--- Problem to work on ---
Without dropping or altering a single word, give the listing again.

Source material START

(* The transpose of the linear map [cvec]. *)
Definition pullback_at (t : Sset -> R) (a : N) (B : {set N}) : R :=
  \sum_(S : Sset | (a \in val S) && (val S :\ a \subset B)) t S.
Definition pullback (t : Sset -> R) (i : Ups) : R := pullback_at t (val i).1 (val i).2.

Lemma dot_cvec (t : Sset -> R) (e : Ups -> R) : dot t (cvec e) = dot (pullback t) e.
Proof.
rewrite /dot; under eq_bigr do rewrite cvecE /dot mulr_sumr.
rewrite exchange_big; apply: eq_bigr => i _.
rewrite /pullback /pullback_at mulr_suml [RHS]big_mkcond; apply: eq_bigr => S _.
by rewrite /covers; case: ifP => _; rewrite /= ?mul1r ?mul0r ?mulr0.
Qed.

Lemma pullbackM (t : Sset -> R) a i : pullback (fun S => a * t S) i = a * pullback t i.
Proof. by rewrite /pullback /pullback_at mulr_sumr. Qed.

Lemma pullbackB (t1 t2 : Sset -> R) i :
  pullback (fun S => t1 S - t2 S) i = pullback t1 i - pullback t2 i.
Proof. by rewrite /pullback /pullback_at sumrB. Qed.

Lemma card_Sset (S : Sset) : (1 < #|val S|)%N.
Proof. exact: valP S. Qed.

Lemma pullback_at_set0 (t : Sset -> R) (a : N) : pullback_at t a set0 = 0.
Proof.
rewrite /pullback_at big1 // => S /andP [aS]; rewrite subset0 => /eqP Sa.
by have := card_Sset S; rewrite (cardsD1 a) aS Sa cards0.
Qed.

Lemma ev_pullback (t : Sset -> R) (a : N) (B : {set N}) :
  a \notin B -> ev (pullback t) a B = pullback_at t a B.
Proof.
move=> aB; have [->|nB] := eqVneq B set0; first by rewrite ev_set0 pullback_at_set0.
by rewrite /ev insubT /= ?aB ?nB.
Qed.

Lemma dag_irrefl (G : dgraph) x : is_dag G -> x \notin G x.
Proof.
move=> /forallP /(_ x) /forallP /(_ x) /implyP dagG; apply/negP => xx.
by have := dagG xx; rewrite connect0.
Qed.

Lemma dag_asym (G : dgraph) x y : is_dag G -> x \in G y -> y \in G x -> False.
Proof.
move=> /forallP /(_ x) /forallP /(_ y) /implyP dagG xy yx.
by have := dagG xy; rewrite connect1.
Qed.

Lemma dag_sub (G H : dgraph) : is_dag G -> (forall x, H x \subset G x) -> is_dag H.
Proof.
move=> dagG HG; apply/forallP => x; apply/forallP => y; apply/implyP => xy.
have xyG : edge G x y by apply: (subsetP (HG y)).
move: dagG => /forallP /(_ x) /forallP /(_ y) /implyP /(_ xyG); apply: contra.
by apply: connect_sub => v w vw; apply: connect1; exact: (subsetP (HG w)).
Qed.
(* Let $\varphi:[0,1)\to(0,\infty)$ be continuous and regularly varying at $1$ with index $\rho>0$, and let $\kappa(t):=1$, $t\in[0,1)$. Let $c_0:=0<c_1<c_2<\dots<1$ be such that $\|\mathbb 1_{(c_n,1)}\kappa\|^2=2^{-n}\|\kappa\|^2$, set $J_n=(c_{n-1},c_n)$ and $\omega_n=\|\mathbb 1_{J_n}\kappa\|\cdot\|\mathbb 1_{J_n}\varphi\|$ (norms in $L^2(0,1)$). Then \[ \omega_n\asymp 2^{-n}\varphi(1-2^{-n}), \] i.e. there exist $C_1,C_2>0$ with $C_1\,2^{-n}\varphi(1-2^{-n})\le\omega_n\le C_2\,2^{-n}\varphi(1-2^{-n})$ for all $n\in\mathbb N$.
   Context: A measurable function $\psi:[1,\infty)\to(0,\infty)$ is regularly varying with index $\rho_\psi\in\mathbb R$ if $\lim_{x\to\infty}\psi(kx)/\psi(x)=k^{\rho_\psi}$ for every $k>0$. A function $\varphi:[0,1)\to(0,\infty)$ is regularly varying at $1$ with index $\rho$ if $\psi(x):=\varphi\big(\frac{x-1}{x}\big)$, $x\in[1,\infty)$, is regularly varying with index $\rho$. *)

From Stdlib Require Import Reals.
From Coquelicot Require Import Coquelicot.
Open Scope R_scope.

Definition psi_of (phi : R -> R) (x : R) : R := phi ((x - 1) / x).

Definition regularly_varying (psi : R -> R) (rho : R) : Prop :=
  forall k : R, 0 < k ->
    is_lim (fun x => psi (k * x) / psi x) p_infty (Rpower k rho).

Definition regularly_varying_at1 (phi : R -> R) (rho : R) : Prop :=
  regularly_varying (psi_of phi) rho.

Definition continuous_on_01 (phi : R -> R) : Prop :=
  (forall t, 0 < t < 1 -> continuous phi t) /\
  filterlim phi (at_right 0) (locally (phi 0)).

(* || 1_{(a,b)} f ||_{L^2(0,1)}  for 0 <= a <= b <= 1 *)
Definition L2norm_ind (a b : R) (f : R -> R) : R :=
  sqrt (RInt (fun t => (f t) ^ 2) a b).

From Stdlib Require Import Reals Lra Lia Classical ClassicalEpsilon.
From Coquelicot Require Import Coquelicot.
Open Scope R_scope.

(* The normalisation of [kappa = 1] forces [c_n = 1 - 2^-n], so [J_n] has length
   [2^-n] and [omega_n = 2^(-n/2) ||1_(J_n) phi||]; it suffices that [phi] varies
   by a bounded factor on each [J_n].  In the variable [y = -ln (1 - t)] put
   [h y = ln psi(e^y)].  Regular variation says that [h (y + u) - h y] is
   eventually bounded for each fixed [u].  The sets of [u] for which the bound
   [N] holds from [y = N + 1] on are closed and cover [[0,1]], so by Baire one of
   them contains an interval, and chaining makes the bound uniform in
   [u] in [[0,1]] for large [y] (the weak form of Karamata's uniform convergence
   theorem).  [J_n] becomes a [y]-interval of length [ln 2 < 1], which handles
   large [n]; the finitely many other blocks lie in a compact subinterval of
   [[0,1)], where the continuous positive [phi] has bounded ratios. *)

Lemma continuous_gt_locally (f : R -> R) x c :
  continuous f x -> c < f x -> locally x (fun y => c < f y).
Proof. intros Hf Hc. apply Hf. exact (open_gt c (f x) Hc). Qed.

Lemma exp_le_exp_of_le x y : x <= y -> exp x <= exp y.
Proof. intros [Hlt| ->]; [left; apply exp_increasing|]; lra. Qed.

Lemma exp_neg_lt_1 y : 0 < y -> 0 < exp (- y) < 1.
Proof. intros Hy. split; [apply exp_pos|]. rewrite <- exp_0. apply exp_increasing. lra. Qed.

Source material END

--- Answer box ---
(* The transpose of the linear map [cvec]. *)
Definition pullback_at (t : Sset -> R) (a : N) (B : {set N}) : R :=
  \sum_(S : Sset | (a \in val S) && (val S :\ a \subset B)) t S.
Definition pullback (t : Sset -> R) (i : Ups) : R := pullback_at t (val i).1 (val i).2.

Lemma dot_cvec (t : Sset -> R) (e : Ups -> R) : dot t (cvec e) = dot (pullback t) e.
Proof.
rewrite /dot; under eq_bigr do rewrite cvecE /dot mulr_sumr.
rewrite exchange_big; apply: eq_bigr => i _.
rewrite /pullback /pullback_at mulr_suml [RHS]big_mkcond; apply: eq_bigr => S _.
by rewrite /covers; case: ifP => _; rewrite /= ?mul1r ?mul0r ?mulr0.
Qed.

Lemma pullbackM (t : Sset -> R) a i : pullback (fun S => a * t S) i = a * pullback t i.
Proof. by rewrite /pullback /pullback_at mulr_sumr. Qed.

Lemma pullbackB (t1 t2 : Sset -> R) i :
  pullback (fun S => t1 S - t2 S) i = pullback t1 i - pullback t2 i.
Proof. by rewrite /pullback /pullback_at sumrB. Qed.

Lemma card_Sset (S : Sset) : (1 < #|val S|)%N.
Proof. exact: valP S. Qed.

Lemma pullback_at_set0 (t : Sset -> R) (a : N) : pullback_at t a set0 = 0.
Proof.
rewrite /pullback_at big1 // => S /andP [aS]; rewrite subset0 => /eqP Sa.
by have := card_Sset S; rewrite (cardsD1 a) aS Sa cards0.
Qed.

Lemma ev_pullback (t : Sset -> R) (a : N) (B : {set N}) :
  a \notin B -> ev (pullback t) a B = pullback_at t a B.
Proof.
move=> aB; have [->|nB] := eqVneq B set0; first by rewrite ev_set0 pullback_at_set0.
by rewrite /ev insubT /= ?aB ?nB.
Qed.

Lemma dag_irrefl (G : dgraph) x : is_dag G -> x \notin G x.
Proof.
move=> /forallP /(_ x) /forallP /(_ x) /implyP dagG; apply/negP => xx.
by have := dagG xx; rewrite connect0.
Qed.

Lemma dag_asym (G : dgraph) x y : is_dag G -> x \in G y -> y \in G x -> False.
Proof.
move=> /forallP /(_ x) /forallP /(_ y) /implyP dagG xy yx.
by have := dagG xy; rewrite connect1.
Qed.

Lemma dag_sub (G H : dgraph) : is_dag G -> (forall x, H x \subset G x) -> is_dag H.
Proof.
move=> dagG HG; apply/forallP => x; apply/forallP => y; apply/implyP => xy.
have xyG : edge G x y by apply: (subsetP (HG y)).
move: dagG => /forallP /(_ x) /forallP /(_ y) /implyP /(_ xyG); apply: contra.
by apply: connect_sub => v w vw; apply: connect1; exact: (subsetP (HG w)).
Qed.
(* Let $\varphi:[0,1)\to(0,\infty)$ be continuous and regularly varying at $1$ with index $\rho>0$, and let $\kappa(t):=1$, $t\in[0,1)$. Let $c_0:=0<c_1<c_2<\dots<1$ be such that $\|\mathbb 1_{(c_n,1)}\kappa\|^2=2^{-n}\|\kappa\|^2$, set $J_n=(c_{n-1},c_n)$ and $\omega_n=\|\mathbb 1_{J_n}\kappa\|\cdot\|\mathbb 1_{J_n}\varphi\|$ (norms in $L^2(0,1)$). Then \[ \omega_n\asymp 2^{-n}\varphi(1-2^{-n}), \] i.e. there exist $C_1,C_2>0$ with $C_1\,2^{-n}\varphi(1-2^{-n})\le\omega_n\le C_2\,2^{-n}\varphi(1-2^{-n})$ for all $n\in\mathbb N$.
   Context: A measurable function $\psi:[1,\infty)\to(0,\infty)$ is regularly varying with index $\rho_\psi\in\mathbb R$ if $\lim_{x\to\infty}\psi(kx)/\psi(x)=k^{\rho_\psi}$ for every $k>0$. A function $\varphi:[0,1)\to(0,\infty)$ is regularly varying at $1$ with index $\rho$ if $\psi(x):=\varphi\big(\frac{x-1}{x}\big)$, $x\in[1,\infty)$, is regularly varying with index $\rho$. *)

From Stdlib Require Import Reals.
From Coquelicot Require Import Coquelicot.
Open Scope R_scope.

Definition psi_of (phi : R -> R) (x : R) : R := phi ((x - 1) / x).

Definition regularly_varying (psi : R -> R) (rho : R) : Prop :=
  forall k : R, 0 < k ->
    is_lim (fun x => psi (k * x) / psi x) p_infty (Rpower k rho).

Definition regularly_varying_at1 (phi : R -> R) (rho : R) : Prop :=
  regularly_varying (psi_of phi) rho.

Definition continuous_on_01 (phi : R -> R) : Prop :=
  (forall t, 0 < t < 1 -> continuous phi t) /\
  filterlim phi (at_right 0) (locally (phi 0)).

(* || 1_{(a,b)} f ||_{L^2(0,1)}  for 0 <= a <= b <= 1 *)
Definition L2norm_ind (a b : R) (f : R -> R) : R :=
  sqrt (RInt (fun t => (f t) ^ 2) a b).

From Stdlib Require Import Reals Lra Lia Classical ClassicalEpsilon.
From Coquelicot Require Import Coquelicot.
Open Scope R_scope.

(* The normalisation of [kappa = 1] forces [c_n = 1 - 2^-n], so [J_n] has length
   [2^-n] and [omega_n = 2^(-n/2) ||1_(J_n) phi||]; it suffices that [phi] varies
   by a bounded factor on each [J_n].  In the variable [y = -ln (1 - t)] put
   [h y = ln psi(e^y)].  Regular variation says that [h (y + u) - h y] is
   eventually bounded for each fixed [u].  The sets of [u] for which the bound
   [N] holds from [y = N + 1] on are closed and cover [[0,1]], so by Baire one of
   them contains an interval, and chaining makes the bound uniform in
   [u] in [[0,1]] for large [y] (the weak form of Karamata's uniform convergence
   theorem).  [J_n] becomes a [y]-interval of length [ln 2 < 1], which handles
   large [n]; the finitely many other blocks lie in a compact subinterval of
   [[0,1)], where the continuous positive [phi] has bounded ratios. *)

Lemma continuous_gt_locally (f : R -> R) x c :
  continuous f x -> c < f x -> locally x (fun y => c < f y).
Proof. intros Hf Hc. apply Hf. exact (open_gt c (f x) Hc). Qed.

Lemma exp_le_exp_of_le x y : x <= y -> exp x <= exp y.
Proof. intros [Hlt| ->]; [left; apply exp_increasing|]; lra. Qed.

Lemma exp_neg_lt_1 y : 0 < y -> 0 < exp (- y) < 1.
Proof. intros Hy. split; [apply exp_pos|]. rewrite <- exp_0. apply exp_increasing. lra. Qed.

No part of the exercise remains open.